Okay first thing is my skin is fucking crawling. I've never seen or had this problem before sleeping outside anywhere else other then EVERYWHERE FROM SANTA BARBRA AND BEYOUNd (south) whats with the fucking ants? and how can i avoid setting up camp in areas that look like they are ant free until I'm nice and comfortable and theres ANTS EVERYWHERE.

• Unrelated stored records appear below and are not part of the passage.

Lemma hit_step eta : ~~ PA eta -> ~~ PB eta ->
  hit r dN PA PB eta = jump_avg eta (fun x y => hit r dN PA PB (sigma x y eta)).
Proof.
move=> /negbTE A_eta /negbTE B_eta.
have : ((fun n => hitn r dN PA PB n.+1 eta) @ \oo -->
       jump_avg eta (fun x y => hit r dN PA PB (sigma x y eta)))%classic.
  under eq_cvg do rewrite hitnS A_eta B_eta.
  apply: cvg_big => [|x _ /=]; first exact: add_continuous.
  apply: cvg_big => [|y _ /=]; first exact: add_continuous.
  by apply: cvgMl_tmp; apply: is_cvg_hitn.
by move=> cvgS; apply: cvg_lim => //; rewrite -cvg_shiftS.
Qed.

End FirstStep.

Section Complement.
Variables (R : realType) (S : finType) (r : S -> S -> R) (dN : R).
Hypotheses (r_ge0 : forall x y, 0 <= r x y) (dN_ge0 : 0 <= dN).
Variables PA PB : pred (config S).

Lemma hitn_sym n eta : hitn r dN PA PB n eta + hitn r dN PB PA n eta <= 1.
Proof.
elim: n eta => [|n IHn] eta.
  by rewrite !hitn0; case: (PB eta); case: (PA eta); rewrite ?addr0 ?add0r.
rewrite !hitnS; case: (PB eta); case: (PA eta); rewrite ?addr0 ?add0r //.
by rewrite -jump_avgD; apply: jump_avg_le1.
Qed.

Lemma hit_sym eta : hit r dN PA PB eta + hit r dN PB PA eta <= 1.
Proof.
have cvg_hitn P Q : cvgn (fun n => hitn r dN P Q n eta) by apply: is_cvg_hitn.
rewrite /hit -limD //; apply: limr_le; first exact: is_cvgD.
by apply: nearW => n; apply: hitn_sym.
Qed.

End Complement.

Lemma EN_xi (S : finType) N (X : {set S}) x : x \in X -> EN N X (xi N x).
Proof. by move=> xX; apply/existsP; exists x; rewrite xX eqxx. Qed.

Lemma EN_xiF (S : finType) N (X : {set S}) x :
  (0 < N)%N -> x \notin X -> EN N X (xi N x) = false.
Proof.
move=> N_gt0 xX; apply/negbTE/existsP => -[y /andP[yX /eqP xi_xy]].
have := congr1 (fun eta : config S => eta x) xi_xy; rewrite /= !ffunE eqxx.
by have [exy|] := eqVneq x y; [move: xX; rewrite exy yX | lia].
Qed.

Section TwoSiteConfigurations.
Variables (S : finType) (N : nat) (a c : S).
Hypothesis ac : a != c.

Lemma zeta_a i : zeta N i a c a = (N - i)%N.
Proof. by rewrite ffunE eqxx. Qed.

Lemma zeta_c i : zeta N i a c c = i.
Proof. by rewrite ffunE eq_sym (negbTE ac) eqxx. Qed.

Lemma zeta_out i z : z != a -> z != c -> zeta N i a c z = 0%N.
Proof. by move=> /negbTE za /negbTE zc; rewrite ffunE za zc. Qed.

Lemma zeta0 : zeta N 0 a c = xi N a.
Proof. by apply/ffunP => z; rewrite !ffunE subn0; case: (z == a); case: (z == c). Qed.

Lemma sigma_ca_zeta i : (0 < i <= N)%N -> sigma c a (zeta N i a c) = zeta N i.-1 a c.
Proof.
case/andP=> i_gt0 iN; rewrite /sigma zeta_c i_gt0; apply/ffunP => z; rewrite !ffunE.
have [->|za] := eqVneq z a; first by rewrite (negbTE ac) /=; lia.
by case: eqP => _ /=; rewrite ?subn1 ?sub0n addn0.
Qed.

Lemma sigma_ac_zeta i : (i < N)%N -> sigma a c (zeta N i a c) = zeta N i.+1 a c.
Proof.
move=> iN; rewrite /sigma zeta_a subn_gt0 iN; apply/ffunP => z; rewrite !ffunE.
have [->|za] := eqVneq z a; first by rewrite (negbTE ac) /=; lia.
by case: eqP => _ /=; rewrite ?addn1 ?addn0 subn0.
Qed.

Lemma EN_zetaF (X : {set S}) i : (0 < i < N)%N -> EN N X (zeta N i a c) = false.
Proof.
case/andP=> i_gt0 iN; apply/negbTE/existsP => -[x /andP[_ /eqP zeta_xi]].
have := congr1 (fun eta : config S => eta a) zeta_xi.
have := congr1 (fun eta : config S => eta c) zeta_xi.
rewrite /= zeta_a zeta_c !ffunE.
by have [<-|_] := eqVneq a x; rewrite ?(negbTE ac) eq_sym ?(negbTE ac); lia.
Qed.

Lemma sum_zeta (R : pzSemiRingType) i (F : S -> R) :
  \sum_y (zeta N i a c y)%:R * F y = (N - i)%:R * F a + i%:R * F c.
Proof.
rewrite (bigD1 a) //= (bigD1 c) 1?eq_sym //= zeta_a zeta_c big1 ?addr0 //.
by move=> z /andP[zc za]; rewrite zeta_out // mul0r.
Qed.

Lemma incl_total_zeta_le (R : realType) (r : S -> S -> R) dN i :
  (forall x y, 0 <= r x y) -> r a a = 0 -> r c c = 0 -> 0 <= dN -> (i <= N)%N ->
  incl_total r dN (zeta N i a c) <=
    incl_rate r dN (zeta N i a c) c a + incl_rate r dN (zeta N i a c) a c
    + dN * N%:R * (\sum_y r a y + \sum_y r c y).
Proof.
move=> r_ge0 raa rcc dN_ge0 iN.
have -> : incl_total r dN (zeta N i a c) = \sum_x (zeta N i a c x)%:R *
    (dN * \sum_y r x y + ((N - i)%:R * r x a + i%:R * r x c)).
  apply: eq_bigr => x _; rewrite -(sum_zeta i (r x)) mulr_sumr -big_split mulr_sumr.
  by apply: eq_bigr => y _; rewrite /incl_rate /=; ring.
rewrite sum_zeta raa rcc /incl_rate zeta_a zeta_c -(subnK iN) natrD addnK.
have Ra_ge0 : 0 <= \sum_y r a y by apply: sumr_ge0.
have Rc_ge0 : 0 <= \sum_y r c y by apply: sumr_ge0.
move: (r_ge0 a c) (r_ge0 c a) (N - i)%:R (ler0n R (N - i)) i%:R (ler0n R i).
move: (\sum_y r a y) (\sum_y r c y) Ra_ge0 Rc_ge0 => Ra Rc ? ? ? ? m ? n ?.
suff : 0 <= dN * (n * r c a + m * r a c + n * Ra + m * Rc) by lra.
by rewrite mulr_ge0 // !addr_ge0 // mulr_ge0.
Qed.
End TwoSiteConfigurations.

(* The barrier is used on [0, L] with [L = 3N/4]: there site [a] keeps at least
   [N/4] particles, and [L - i] grows like [N/4] uniformly in [i <= N/2]. *)
Lemma quarter_bounds N L j : (4 * L <= 3 * N)%N -> (j < L)%N ->
  (j < N)%N /\ (N <= 4 * (N - j))%N.
Proof. by move=> LN jL; split; lia. Qed.

Lemma three_quarters_window N K i : (4 * K + 4 <= N)%N -> (i <= N./2)%N ->
  [/\ 4 * ((3 * N) %/ 4) <= 3 * N, i <= (3 * N) %/ 4, K <= (3 * N) %/ 4 - i & i < N]%N.
Proof. by move=> NK iN; split; lia. Qed.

so i've never camped in the desert before or cities in the desert i have some stupid questions.
sleeping in more populated towns do you still have to worry about creepy crawlies like huge spiders and snakes? tent?
creating shade on the side of the rode (as i'm cycling and get tired) are trees available? or should i buy an umbrella?
also during the day when taking breaks in the shade and maybe napping should i worry about venomous creepy crawlys? should i nap in my tent?
any wisdom or experiences gratefully appreciated


----------



## Boneless (Aug 30, 2014)

The general rule of thumb with snakes and bugs is don't piss them off and you should be fine. I dunno how the snake situation is up there and it's kind of an obvious thing but always remember to zip up your tent, even if you're only getting out of it for a couple minutes, I've heard heaps of stories about people unknowingly climbing into a sleeping bag with big ass snakes in 'em.


----------



## Dameon (Aug 30, 2014)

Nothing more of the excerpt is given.